04What are the biggest challenges or opportunities in your field right now?
I think isolation, truly, and the imposter syndrome that I'm actively, all day, every day, kind of going through. I am married, my husband is in the Coast Guard, and we've never actually lived together since we got married. He's in California, and I'm still here trying to finish my coursework. Isolation is a big part of it because of my husband and the military lifestyle, but also because international students like me who are excited about what they do, and they're also extroverted when it comes to the work, people don't really like that. It can come off as annoying, or being extra, or too much, or me being clingy, or needy. I'm definitely misunderstood a lot, or I feel like I am. There's a lot of things that citizens are eligible for, like funding, fellowships, things like that, I'm not eligible for. And there's also not a lot of guidance, or guidance at all, from my program and the administration at St. Louis University to help us go for funding that we are eligible for, or create opportunities for us. So it's the cliche of what folks, minorities, kind of go through in academia, honestly.
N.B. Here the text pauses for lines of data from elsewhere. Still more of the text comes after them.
Lemma P_pairs_antisym p : p \in P_pairs cs -> (p.2, p.1) \in P_pairs cs -> p.1 = p.2.
Proof.
move=> /P_pairsP[i [j [le_ij lt_j p1_i p2_j ord_p]]].
move=> /P_pairsP[i' [j' [le_ij' lt_j' /= p2_i' p1_j' ord_p']]].
have lt_i := leq_ltn_trans le_ij lt_j; have lt_i' := leq_ltn_trans le_ij' lt_j'.
have eq_ij' := chain_at_disjoint scd lt_i lt_j' p1_i p1_j'.
have eq_ji' := chain_at_disjoint scd lt_j lt_i' p2_j p2_i'.
have eq_ij : i = j by lia.
move: ord_p ord_p'; rewrite -eq_ij' -eq_ji' -eq_ij ltnn /= => sub12 sub21.
by apply/eqP; rewrite eqEsubset sub12.
Qed.

Lemma P_pairs_total b b' : ((b, b') \in P_pairs cs) || ((b', b) \in P_pairs cs).
Proof.
have [i [x [lt_i le_x ->]]] := elt_coords scd b.
have [j [y [lt_j le_y ->]]] := elt_coords scd b'.
have in_P z : P_coord cs z -> (elt cs z.1.1 z.2.1, elt cs z.1.2 z.2.2) \in P_pairs cs.
  by move=> Pz; apply/(P_pairs_coords scd); exists z.
case: (ltngtP i j) => [lt_ij | lt_ji | eq_ij]; last subst j.
- apply/orP; left; apply: (in_P ((i, j), (x, y))).
  by rewrite /P_coord /= (ltnW lt_ij) lt_ij lt_j le_x le_y.
- apply/orP; right; apply: (in_P ((j, i), (y, x))).
  by rewrite /P_coord /= (ltnW lt_ji) lt_ji lt_i le_x le_y.
- case: (leqP x y) => [le_xy | /ltnW le_yx]; apply/orP; [left | right].
    by apply: (in_P ((i, i), (x, y))); rewrite /P_coord /= leqnn lt_i le_x le_y le_xy orbT.
  by apply: (in_P ((i, i), (y, x))); rewrite /P_coord /= leqnn lt_i le_x le_y le_yx orbT.
Qed.

Lemma pair_map_inj : {in P_pairs cs &, injective (@pair_map k)}.
Proof.
move=> p q p_P q_P eq_pq.
have : cat_rev p.1 p.2 \in pair_map q by rewrite -eq_pq set21.
rewrite in_set2 => /orP[] /eqP /cat_rev_inj [E1 E2].
  by rewrite [p]surjective_pairing [q]surjective_pairing E1 E2.
have q12 : q.1 = q.2 by apply: P_pairs_antisym; rewrite // -E1 -E2 -surjective_pairing.
by rewrite [p]surjective_pairing [q]surjective_pairing E1 E2 q12.
Qed.

Lemma pair_map_onto : @pair_map k @: P_pairs cs = quot_poset (Grho k).
Proof.
apply/setP=> X; apply/imsetP/imsetP => [[p _ ->] | [A _ ->]].
  by exists (cat_rev p.1 p.2); rewrite // qorbit_cat_rev; case: p.
rewrite -(cat_rev_halves A) qorbit_cat_rev.
have /orP[P_AA | P_AA] := P_pairs_total (lhalf A) (rhalf A).
  by exists (lhalf A, rhalf A).
by exists (rhalf A, lhalf A); rewrite // /pair_map setUC.
Qed.

End QuotientBijection.

Definition hook (sw : bool) (x0 y0 a t : nat) : nat * nat :=
  if t <= a then (if sw then (x0, y0 + t) else (x0 + t, y0))
  else (if sw then (x0 + (t - a), y0 + a) else (x0 + a, y0 + (t - a))).

Lemma hook_step sw x0 y0 a t :
  hook sw x0 y0 a t.+1 = ((hook sw x0 y0 a t).1.+1, (hook sw x0 y0 a t).2) \/
  hook sw x0 y0 a t.+1 = ((hook sw x0 y0 a t).1, (hook sw x0 y0 a t).2.+1).
Proof.
rewrite /hook; case: sw; case: (leqP t.+1 a) => ?; case: (leqP t a) => ? /=;
  try (left; congr pair; lia); try (right; congr pair; lia); lia.
Qed.

Lemma hook_sum sw x0 y0 a t : (hook sw x0 y0 a t).1 + (hook sw x0 y0 a t).2 = x0 + y0 + t.
Proof. by rewrite /hook; case: sw; case: (leqP t a) => ? /=; lia. Qed.

(* In the rectangle [0, mi] x [0, mj] (mj <= mi), hook number s starts at
   (0, s), turns at (mi - s, s) and ends at (mi - s, mj); s is recovered from
   any of its points (x, y) as min(y, mi - x). *)
Lemma rect_hook_valid (mi mj s t : nat) : mj <= mi -> s <= mj -> t <= (mi - s) + (mj - s) ->
  [/\ (hook false 0 s (mi - s) t).1 <= mi, (hook false 0 s (mi - s) t).2 <= mj &
      minn (hook false 0 s (mi - s) t).2 (mi - (hook false 0 s (mi - s) t).1) = s].
Proof. by rewrite /hook; case: (leqP t (mi - s)) => ? /= le_mji le_s le_t; split; lia. Qed.

Lemma rect_hook_onto mi mj x y : mj <= mi -> x <= mi -> y <= mj ->
  let s := minn y (mi - x) in
  s <= mj /\ exists2 t, t <= (mi - s) + (mj - s) & hook false 0 s (mi - s) t = (x, y).
Proof.
move=> le_mji le_x le_y s; split; first lia.
case: (leqP y (mi - x)) => le_s.
  have -> : s = y by lia.
  by exists x; [lia | rewrite /hook ifT; [rewrite add0n | lia]].
have -> : s = mi - x by lia.
exists (x + (y - (mi - x))); first lia.
by rewrite /hook ifF; [congr pair; lia | lia].
Qed.

(* In the triangle {x <= y <= m}, hook number s starts at (s, s), turns at
   (s, m - s) and ends at (m - s, m - s); s = min(x, m - y). *)
Lemma tri_hook_valid (m s t : nat) : s.*2 <= m -> t <= (m - s.*2) + (m - s.*2) ->
  [/\ (hook true s s (m - s.*2) t).1 <= (hook true s s (m - s.*2) t).2,
      (hook true s s (m - s.*2) t).2 <= m &
      minn (hook true s s (m - s.*2) t).1 (m - (hook true s s (m - s.*2) t).2) = s].
Proof. by rewrite /hook; case: (leqP t (m - s.*2)) => ? /= le_s le_t; split; lia. Qed.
05What values are most important to you in your work and personal life?
I would say family and boundaries is a big thing for me. I'm still working on that. As a woman, we have a hard time with boundaries, I feel like. I don't want to overgeneralize it, but we have to be perfect, right? We have to come off a certain way, we have to lose weight, have the baby, have the home, be able to clean the house on a timely manner, and also show up for work, and overwork, and be better than anyone else, and you add, for me, at least the layer of immigration. I have to be better than the citizens out there that are competing for my job, or for my topic, or for the spotlight in whatever space. So, yeah, boundaries can... I've struggled with boundaries, because I've let a lot of folks walk over me, like friends and professionals too, and that has definitely distracted me along the way and hasn't left a lot of space and grace for myself, because I was giving it to them, even though they didn't deserve it.